Wu Yifan, Shi Lu, Ye Zhiqiang, Zhou Yi, Wang Feiran, Zhang Yulan
Department of Ophthalmology, The Second Affiliated Hospital, Jiangxi Medical College, Nanchang University, Nanchang, Jiangxi, China.
Department of Ophthalmology, The Second Affiliated Hospital, Nanchang University, Nanchang, Jiangxi, China.
Front Surg. 2025 Apr 1;12:1577775. doi: 10.3389/fsurg.2025.1577775. eCollection 2025.
Choroidal melanoma is a rare yet aggressive ocular malignancy, accounting for approximately 85% of all ocular melanomas. This study aimed to investigate the association between treatment modalities and the risk of all-cause mortality and choroidal melanoma-specific mortality, thereby comparing the effects of different treatment modalities on patient prognosis.
Data from patients diagnosed with choroidal melanoma between 2004 and 2021 were extracted from the Surveillance, Epidemiology, and End Results (SEER) database. A total of 6,871 cases were included in the analysis. Univariate analysis, stratified analysis, and multiple regression analysis were performed to evaluate all-cause mortality and choroidal melanoma-specific mortality across different treatment modalities. Survival curves for the overall and stratified populations were generated using the Kaplan-Meier method. Choroidal melanoma-specific mortality was estimated using the competing risk regression method of Fine and Gray.
In the fully adjusted model, the radiotherapy-only group exhibited a 45% reduction in all-cause mortality (HR = 0.55, 95% CI = 0.50-0.60, < 0.0001) and a 54% reduction in choroidal melanoma-specific mortality (HR = 0.46, 95% CI = 0.41-0.52, < 0.0001) compared to the surgery-only group. The radiotherapy group demonstrated superior long-term survival outcomes compared to other treatment modalities, with the highest 5-year overall survival (OS) rate of 0.7769 (95% CI = 0.7651-0.7889) and 10-year OS rate of 0.6203 (95% CI = 0.6038-0.6372).
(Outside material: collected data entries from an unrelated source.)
Lemma inversion_semicircle_in_disk c c' s s' x rho :
  0 < s -> 0 < rho -> s + s' < `|c - c'| -> `|x - c'| + rho <= s' ->
  exists x' rho', [/\ 0 < rho',
    inversion c s @` semicircle x rho = semicircle x' rho',
    `|x' - c| + rho' <= s &
    rho' <= s ^+ 2 * rho / (`|c - c'| - s') ^+ 2].
Proof.
move=> s_gt0 rho_gt0 disj in_disk.
have far : `|c - c'| - s' <= `|x - c| - rho.
  have : `|c - c'| <= `|x - c| + `|x - c'|.
    by rewrite (distrC x c); exact: ler_distD.
  lra.
have rho_lt : rho < `|x - c| by lra.
exists (inv_center c s x rho), (inv_radius c s x rho); split.
- by rewrite divr_gt0 ?mulr_gt0 ?exprn_gt0 ?inv_denom_gt0.
- exact: inversion_semicircle.
- rewrite inv_extentE // ler_pdivrMr; last lra.
  by rewrite expr2 ler_pM2l //; lra.
- by apply: inv_radius_le => //; lra.
Qed.

End Inversion.

Section Esum.
Variable R : realType.

Lemma esum_subset_le (T : choiceType) (A B : set T) (a : T -> \bar R) :
  A `<=` B -> (forall x, B x -> (0 <= a x)%E) ->
  (\esum_(x in A) a x <= \esum_(x in B) a x)%E.
Proof.
move=> AB a_ge0; rewrite [X in (_ <= X)%E](esumID A) // setIidr //.
by rewrite leeDl // esum_ge0 // => x [/a_ge0].
Qed.

Lemma esumZl_le (T : choiceType) (I : set T) (y : R) (a : T -> \bar R) :
  0 <= y -> (forall x, (0 <= a x)%E) ->
  (\esum_(x in I) (y%:E * a x) <= y%:E * \esum_(x in I) a x)%E.
Proof.
move=> y_ge0 a_ge0; apply: ge_ereal_sup => _ [X [finX XI] <-].
rewrite fsbig_finite //= -ge0_sume_distrr //.
apply: lee_wpmul2l; first by rewrite lee_fin.
by rewrite -fsbig_finite //; apply: ereal_sup_ubound; exists X.
Qed.

Lemma esum_section_le (T : choiceType) (P : set (T * T)) (j : T) (a : T * T -> \bar R) :
  (forall z, P z -> (0 <= a z)%E) ->
  (\esum_(i in [set i | P (i, j)]) a (i, j) <= \esum_(z in P) a z)%E.
Proof.
move=> a_ge0; rewrite -(esum_image _ (fun i => (i, j))); last by move=> ? ? _ _ [].
by apply: esum_subset_le => // _ [i Pij <-].
Qed.

End Esum.

Section MultiIndices.
Implicit Types (k n i : nat) (t : seq nat).

Definition next_idx k t : set nat := [set i | (k < i)%N /\ i <> head 0%N t].

Lemma multi_idx_cons k n i t :
  multi_idx k n.+2 (i :: t) <-> [/\ (k < i)%N, i <> head 0%N t & multi_idx k n.+1 t].
Proof.
split.
  move=> [[size_t] [/andP[k_lt_i all_t] nth_neq]].
  split => //; first by rewrite -nth0; exact: (nth_neq 0%N).
  by split=> //; split=> // m m_lt; exact: (nth_neq m.+1).
move=> [k_lt_i i_neq [size_t [all_t nth_neq]]].
split; first by rewrite /= size_t.
split; first by rewrite /= k_lt_i.
by case=> [|m] m_lt /=; [rewrite nth0 | apply: nth_neq].
Qed.

Lemma multi_idx_succ k n :
  multi_idx k n.+2 =
  (fun p : seq nat * nat => p.2 :: p.1) @` (multi_idx k n.+1 `*`` next_idx k).
Proof.
apply/seteqP; split.
  case=> [[]//|i t] /multi_idx_cons[k_lt_i i_neq t_in].
  by exists (t, i).
by move=> _ [[t i] [t_in [k_lt_i i_neq]] <-]; apply/multi_idx_cons.
Qed.

Lemma multi_idx_neq_nil k n t : multi_idx k n.+1 t -> t != [::].
Proof. by case: t => [[]|]. Qed.

Lemma multi_idx_head k n t : multi_idx k n.+1 t -> (k < head 0%N t)%N.
Proof. by case: t => [[]//|i t] [_ [/= /andP[]]]. Qed.

Lemma multi_idx_sub k n : multi_idx k n `<=` multi_idx 0 n.
Proof.
move=> t [size_t [all_t nth_neq]]; split=> //; split=> //.
by apply/allP => i /(allP all_t); exact: leq_ltn_trans.
Qed.

End MultiIndices.

Section Chains.
Variables (R : realType) (c : nat -> int) (r : nat -> R).
Hypothesis r_gt0 : forall i, (0 < i)%N -> 0 < r i.
Hypothesis r_le1 : forall i, (0 < i)%N -> r i <= 1.
Hypothesis disk_disj : forall i j, (0 < i)%N -> (0 < j)%N -> i <> j ->
  cdisk (c i)%:~R (r i) `&` cdisk (c j)%:~R (r j) = set0.
Hypothesis center_sep : forall i j, (0 < i)%N -> (0 < j)%N -> i <> j ->
  1 < `|(c i)%:~R - (c j)%:~R : R|.

Local Notation C i := ((c i)%:~R : R).

Lemma img_semicircle_cons i t : t != [::] ->
  img_semicircle c r (i :: t) = inversion (C i) (r i) @` img_semicircle c r t.
Proof. by case: t => [//|j t] _; rewrite /img_semicircle /= image_comp. Qed.

Lemma img_semicircle_cons_step i t x rho : t != [::] ->
  (0 < i)%N -> (0 < head 0%N t)%N -> i <> head 0%N t -> 0 < rho ->
  img_semicircle c r t = semicircle x rho ->
  `|x - C (head 0%N t)| + rho <= r (head 0%N t) ->
  exists x' rho', [/\ 0 < rho', img_semicircle c r (i :: t) = semicircle x' rho',
    `|x' - C i| + rho' <= r i &
    rho' <= rho / (`|C i - C (head 0%N t)| - 1) ^+ 2].
Proof.
set j := head 0%N t => t_neq0 i_gt0 j_gt0 i_neq_j rho_gt0 imgE in_disk.
have disj := cdisk_disjoint_dist (r_gt0 i_gt0) (r_gt0 j_gt0)
  (disk_disj i_gt0 j_gt0 i_neq_j).
have [x' [rho' [rho'_gt0 invE in_disk' rho'_le]]] :=
  inversion_semicircle_in_disk (r_gt0 i_gt0) rho_gt0 disj in_disk.
exists x', rho'; split => //; first by rewrite img_semicircle_cons // imgE.
apply: (le_trans rho'_le).
have sep := center_sep i_gt0 j_gt0 i_neq_j.
have ri_gt0 := r_gt0 i_gt0; have ri_le1 := r_le1 i_gt0; have rj_le1 := r_le1 j_gt0.
have sq_le : (`|C i - C j| - 1) ^+ 2 <= (`|C i - C j| - r j) ^+ 2.
  by rewrite ler_sqr ?nnegrE; lra.
have ri2_le1 : r i ^+ 2 <= 1 by rewrite expr_le1 // ltW.
apply: (@le_trans _ _ (rho / (`|C i - C j| - r j) ^+ 2)).
  rewrite ler_pM2r; last by rewrite invr_gt0 exprn_gt0 //; lra.
  exact: ler_piMl (ltW rho_gt0) ri2_le1.
rewrite ler_pM2l // lef_pV2 ?posrE ?exprn_gt0 //; lra.
Qed.

Lemma img_semicircle_in_disk n t : multi_idx 0 n.+1 t ->
  exists x rho, [/\ 0 < rho, img_semicircle c r t = semicircle x rho &
    `|x - C (head 0%N t)| + rho <= r (head 0%N t)].
Proof.
elim: n t => [|n IH] [|i t] //; try by case.
  case: t => [|? ?] [//= _ [/andP[i_gt0 _] _]].
  exists (C i), (r i); split; first exact: r_gt0.
    by rewrite /img_semicircle /= image_id.
  by rewrite subrr normr0 add0r.
move=> /multi_idx_cons[i_gt0 i_neq t_in].
have [x [rho [rho_gt0 imgE in_disk]]] := IH t t_in.
have [x' [rho' [rho'_gt0 img'E in_disk' _]]] :=
  img_semicircle_cons_step (multi_idx_neq_nil t_in) i_gt0 (multi_idx_head t_in)
    i_neq rho_gt0 imgE in_disk.
by exists x', rho'.
Qed.

Lemma r_multi_cons_le n t i : multi_idx 0 n.+1 t -> (0 < i)%N -> i <> head 0%N t ->
  r_multi c r (i :: t) <= r_multi c r t / (`|C i - C (head 0%N t)| - 1) ^+ 2.
Proof.
move=> t_in i_gt0 i_neq.
have [x [rho [rho_gt0 imgE in_disk]]] := img_semicircle_in_disk t_in.
have [x' [rho' [rho'_gt0 img'E _ rho'_le]]] :=
  img_semicircle_cons_step (multi_idx_neq_nil t_in) i_gt0 (multi_idx_head t_in)
    i_neq rho_gt0 imgE in_disk.
by rewrite /r_multi img'E imgE !eucl_radius_semicircle.
Qed.

Lemma r_multi_cons_powR_le alpha n t i : 0 <= alpha ->
  multi_idx 0 n.+1 t -> (0 < i)%N -> i <> head 0%N t ->
  r_multi c r (i :: t) `^ alpha <=
  r_multi c r t `^ alpha * ((`|C i - C (head 0%N t)| - 1)^-1) `^ (2 * alpha).
Proof.
move=> alpha_ge0 t_in i_gt0 i_neq.
have sep := center_sep i_gt0 (multi_idx_head t_in) i_neq.
have w_ge0 : 0 <= (`|C i - C (head 0%N t)| - 1)^-1 by rewrite invr_ge0 subr_ge0 ltW.
have r_ge0 (s : seq nat) : 0 <= r_multi c r s := eucl_radius_ge0 _.
rewrite powRrM powR_mulrn // -powRM ?exprn_ge0 //.
apply: ge0_ler_powR; rewrite ?nnegrE ?mulr_ge0 ?exprn_ge0 //.
by rewrite exprVn; exact: r_multi_cons_le t_in i_gt0 i_neq.
Qed.

Variables (k : nat) (alpha : R).
Hypothesis alpha_ge0 : 0 <= alpha.
Hypothesis weight_sum_le1 :
  (\esum_(ij in [set ij : nat * nat | ij.1 <> ij.2 /\ (k < ij.1)%N /\ (k < ij.2)%N])
     (((`|(c ij.1)%:~R - (c ij.2)%:~R : R| - 1)^-1) `^ (2 * alpha))%:E <= 1)%E.

Lemma esum_next_idx_le n t : multi_idx k n.+1 t ->
  (\esum_(i in next_idx k t) (r_multi c r (i :: t) `^ alpha)%:E <=
   (r_multi c r t `^ alpha)%:E)%E.
Proof.
move=> t_in; set j := head 0%N t.
set w := fun ij : nat * nat => (((`|C ij.1 - C ij.2| - 1)^-1) `^ (2 * alpha))%:E.
have w_ge0 ij : (0 <= w ij)%E by rewrite lee_fin powR_ge0.
apply: (@le_trans _ _
  (\esum_(i in next_idx k t) ((r_multi c r t `^ alpha)%:E * w (i, j)))%E).
  apply: le_esum => i [k_lt_i i_neq]; rewrite -EFinM lee_fin.
  apply: r_multi_cons_powR_le alpha_ge0 (multi_idx_sub t_in) _ i_neq.
  exact: leq_ltn_trans k_lt_i.
apply: le_trans (esumZl_le _ (powR_ge0 _ _) (fun i => w_ge0 (i, j))) _.
rewrite -[X in (_ <= X)%E]mule1 lee_wpmul2l ?lee_fin ?powR_ge0 //.
apply: le_trans weight_sum_le1.
apply: le_trans (esum_section_le j (fun ij _ => w_ge0 ij)).
apply: esum_subset_le => [i [k_lt_i i_neq]|ij _] //.
by split=> //; split=> //; exact: multi_idx_head t_in.
Qed.

Lemma esum_multi_idx_succ_le n :
  (\esum_(s in multi_idx k n.+2) (r_multi c r s `^ alpha)%:E <=
   \esum_(s in multi_idx k n.+1) (r_multi c r s `^ alpha)%:E)%E.
Proof.
rewrite multi_idx_succ esum_image; last by move=> [t i] [t' i'] _ _ [-> ->].
rewrite -(esum_esum (a := fun t i => (r_multi c r (i :: t) `^ alpha)%:E)) /=; last first.
  by move=> t i _ _; rewrite lee_fin powR_ge0.
by apply: le_esum => t; exact: esum_next_idx_le.
Qed.

End Chains.

Theorem lemma3p3 (R : realType) (c : nat -> int) (r : nat -> R) (k : nat)
  (alpha : R)
  (hr0 : forall i : nat, (0 < i)%N -> 0 < r i)
  (hr1 : forall i : nat, (0 < i)%N -> r i <= 1)
  (hdisj : forall i j : nat, (0 < i)%N -> (0 < j)%N -> i <> j ->
     cdisk (c i)%:~R (r i) `&` cdisk (c j)%:~R (r j) = set0)
  (hsep : forall i j : nat, (0 < i)%N -> (0 < j)%N -> i <> j ->
     1 < `|(c i)%:~R - (c j)%:~R : R|)
  (halpha : 0 < alpha)
  (hsum : (\esum_(ij in [set ij : nat * nat | ij.1 <> ij.2 /\ (k < ij.1)%N /\ (k < ij.2)%N])
            (((`|(c ij.1)%:~R - (c ij.2)%:~R : R| - 1)^-1) `^ (2 * alpha))%:E <= 1)%E) :
  forall n : nat, (2 <= n)%N ->
    (\esum_(s in multi_idx k n) ((r_multi c r s) `^ alpha)%:E
       <= \esum_(s in multi_idx k n.-1) ((r_multi c r s) `^ alpha)%:E)%E.
Proof.
move=> [|[|n]] // _.
exact: (esum_multi_idx_succ_le hr0 hr1 hdisj hsep (k := k) (ltW halpha) hsum).
Qed.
Additionally, the radiotherapy group achieved the highest 5-year choroidal melanoma-specific survival (CSS) rate of 0.8615 (95% CI = 0.8514-0.8717) and 10-year CSS rate of 0.7715 (95% CI = 0.7567-0.7866).
Among patients diagnosed with choroidal melanoma, those who underwent radiotherapy alone exhibited significantly higher overall survival (OS) and choroidal melanoma-specific survival rates compared to those who received surgical intervention alone. However, for patients with advanced disease or evidence of metastatic spread, the individualization of treatment regimens remains critically important.
脉络膜黑色素瘤是一种罕见但具有侵袭性的眼部恶性肿瘤,约占所有眼部黑色素瘤的85%。本研究旨在探讨治疗方式与全因死亡率和脉络膜黑色素瘤特异性死亡率之间的关联,从而比较不同治疗方式对患者预后的影响。
从监测、流行病学和最终结果(SEER)数据库中提取2004年至2021年期间诊断为脉络膜黑色素瘤的患者数据。共纳入6871例病例进行分析。进行单因素分析、分层分析和多元回归分析,以评估不同治疗方式下的全因死亡率和脉络膜黑色素瘤特异性死亡率。使用Kaplan-Meier方法生成总体和分层人群的生存曲线。使用Fine和Gray的竞争风险回归方法估计脉络膜黑色素瘤特异性死亡率。
在完全调整模型中,与单纯手术组相比,单纯放疗组的全因死亡率降低了45%(HR = 0.55,95% CI = 0.50 - 0.60,P < 0.0001),脉络膜黑色素瘤特异性死亡率降低了54%(HR = 0.46,95% CI = 0.41 - 0.52,P < 0.0001)。与其他治疗方式相比,放疗组显示出更好的长期生存结果,5年总生存率(OS)最高为0.7769(95% CI = 0.7651 - 0.7889),10年OS率为0.6203(95% CI = 0.6038 - 0.6372)。此外,放疗组的5年脉络膜黑色素瘤特异性生存率(CSS)最高为0.8615(95% CI = 0.8514 - 0.8717),10年CSS率为0.7715(95% CI = 0.7567 - 0.7866)。
在诊断为脉络膜黑色素瘤的患者中,与单纯接受手术干预的患者相比,单纯接受放疗的患者的总生存率(OS)和脉络膜黑色素瘤特异性生存率显著更高。然而,对于晚期疾病或有转移扩散证据的患者,治疗方案的个体化仍然至关重要。